◆ WHAT THE TASK REQUIRES
Beneath this line is the data. Output exactly the lines from the line with "(0 < coer_const" to the line with "f j nu v) /\", both ends included, and nothing more.

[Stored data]

Theorem proposition2p2 (R : realType) (n : nat) (X Y : vectType R)
  (ipX : X -> X -> R) (ipY : Y -> Y -> R) (D : set 'rV[R]_n)
  (m a : 'rV[R]_n -> X -> X -> R) (b : 'rV[R]_n -> X -> Y -> R)
  (K : nat) (dt : R)
  (f : nat -> 'rV[R]_n -> X -> R) (g : nat -> 'rV[R]_n -> Y -> R)
  (u : 'rV[R]_n -> nat -> X) (p : 'rV[R]_n -> nat -> Y)
  (Nmax : nat) (XN : nat -> {vspace X}) (YN : nat -> {vspace Y})
  (uN : nat -> 'rV[R]_n -> nat -> X) (pN : nat -> 'rV[R]_n -> nat -> Y)
  (mu : 'rV[R]_n) (N k : nat) (aLB gaUB bLB gmUB : R) :
  inner_product ipX -> inner_product ipY ->
  (forall nu, D nu ->
     [/\ bilinear_form (m nu), (forall v w, m nu v w = m nu w v)
       & (forall v, v != 0 -> 0 < m nu v v)]) ->
  (forall nu, D nu ->
     bilinear_form (a nu) /\ (forall v w, a nu v w = a nu w v)) ->
  (forall nu, D nu -> bilinear_form (b nu)) ->
  (forall nu, D nu ->
     [/\ (cont_const (ipnorm ipX) (m nu) < +oo)%E,
         (cont_const (ipnorm ipX) (a nu) < +oo)%E,
         (0 < coer_const (ipnorm ipX) (a nu))%E
       & (0 < infsup_const (ipnorm ipX) (ipnorm ipY) (b nu))%E]) ->
  0 < dt ->
  (forall j nu, (1 <= j <= K)%N -> D nu ->
     linear_functional (f j nu) /\ linear_functional (g j nu)) ->
  (forall nu, D nu -> u nu 0%N = 0 /\
     forall j, (1 <= j <= K)%N ->
       (forall v, dt^-1 * m nu (u nu j - u nu j.-1) v + a nu (u nu j) v
                  + b nu v (p nu j) = f j nu v) /\
       (forall q, b nu (u nu j) q = g j nu q)) ->
  (forall N', (1 <= N' <= Nmax)%N -> forall nu, D nu ->
     uN N' nu 0%N = 0 /\
     forall j, (1 <= j <= K)%N ->
       [/\ uN N' nu j \in XN N', pN N' nu j \in YN N',
         (forall v, v \in XN N' ->
            dt^-1 * m nu (uN N' nu j - uN N' nu j.-1) v + a nu (uN N' nu j) v
              + b nu v (pN N' nu j) = f j nu v)
       & (forall q, q \in YN N' -> b nu (uN N' nu j) q = g j nu q)]) ->
  D mu -> (1 <= N <= Nmax)%N -> (1 <= k <= K)%N ->
  0 < aLB -> 0 < gaUB -> 0 < bLB -> 0 < gmUB ->
  (aLB%:E <= coer_const (ipnorm ipX) (a mu))%E ->
  (cont_const (ipnorm ipX) (a mu) <= gaUB%:E)%E ->
  (bLB%:E <= infsup_const (ipnorm ipX) (ipnorm ipY) (b mu))%E ->
  (cont_const (ipnorm ipX) (m mu) <= gmUB%:E)%E ->
  let e := fun j => u mu j - uN N mu j in
  let r1 := fun j => dual_norm (ipnorm ipX)
              (res1 (f j mu) (m mu) (a mu) (b mu) dt (uN N mu j) (uN N mu j.-1) (pN N mu j)) in
  let r2 := fun j => dual_norm (ipnorm ipY) (res2 (g j mu) (b mu) (uN N mu j)) in
  let Delta := Num.sqrt (dt * \sum_(1 <= j < k.+1)
        (r1 j ^+ 2 / aLB
         + 2 / bLB * (1 + Num.sqrt (gaUB / aLB)) * r1 j * r2 j
         + (gmUB / dt + gaUB) * (r2 j ^+ 2 / bLB ^+ 2))) in
  Num.sqrt ((Num.sqrt (m mu (e k) (e k))) ^+ 2
            + dt * \sum_(1 <= j < k.+1) (Num.sqrt (a mu (e j) (e j))) ^+ 2)
  <= Delta.
Proof.
move=> hX hY Hm Ha Hb _ dt0 Hfg Htruth Hred Dmu HN Hk aLB0 gaUB0 bLB0 gmUB0
  aLB_le gaUB_ge bLB_le gmUB_ge /=.
have [mbil msym mpos] := Hm mu Dmu.
have [abil asym] := Ha mu Dmu.
have bbil := Hb mu Dmu.
have a_pos := coer_const_form_gt0 hX abil aLB0 aLB_le.
have [u0 truth] := Htruth mu Dmu.
have [uN0 _] := Hred N HN mu Dmu.
have kK : (k <= K)%N by case/andP: Hk.
apply: ler_wsqrtr; rewrite form_sqrt_sqr //.
under eq_bigr do rewrite form_sqrt_sqr //.
rewrite !mulr_sumr; apply: (telescoping_energy
  (M := fun j => m mu (u mu j - uN N mu j) (u mu j - uN N mu j))).
  by rewrite u0 uN0 subrr bilin0l.
move=> j /andP[j1 jk]; have jK : (1 <= j <= K)%N by rewrite j1 (leq_trans jk).
have [truthF truthG] := truth j jK.
have [hf hg] := Hfg j mu jK Dmu.
apply: (energy_step hX hY mbil msym mpos abil asym bbil dt0 aLB0 gaUB0 bLB0 gmUB0
  aLB_le gaUB_ge bLB_le gmUB_ge (res1_functional dt mbil abil bbil _ _ _ hf)
  (res2_functional bbil _ hg) (q := p mu j - pN N mu j)).
- exact: (res1_error mbil abil bbil _ _ _ truthF).
- exact: (res2_error bbil _ truthG).
Qed.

◆ EXERCISE SOLUTION
         (0 < coer_const (ipnorm ipX) (a nu))%E
       & (0 < infsup_const (ipnorm ipX) (ipnorm ipY) (b nu))%E]) ->
  0 < dt ->
  (forall j nu, (1 <= j <= K)%N -> D nu ->
     linear_functional (f j nu) /\ linear_functional (g j nu)) ->
  (forall nu, D nu -> u nu 0%N = 0 /\
     forall j, (1 <= j <= K)%N ->
       (forall v, dt^-1 * m nu (u nu j - u nu j.-1) v + a nu (u nu j) v
                  + b nu v (p nu j) = f j nu v) /\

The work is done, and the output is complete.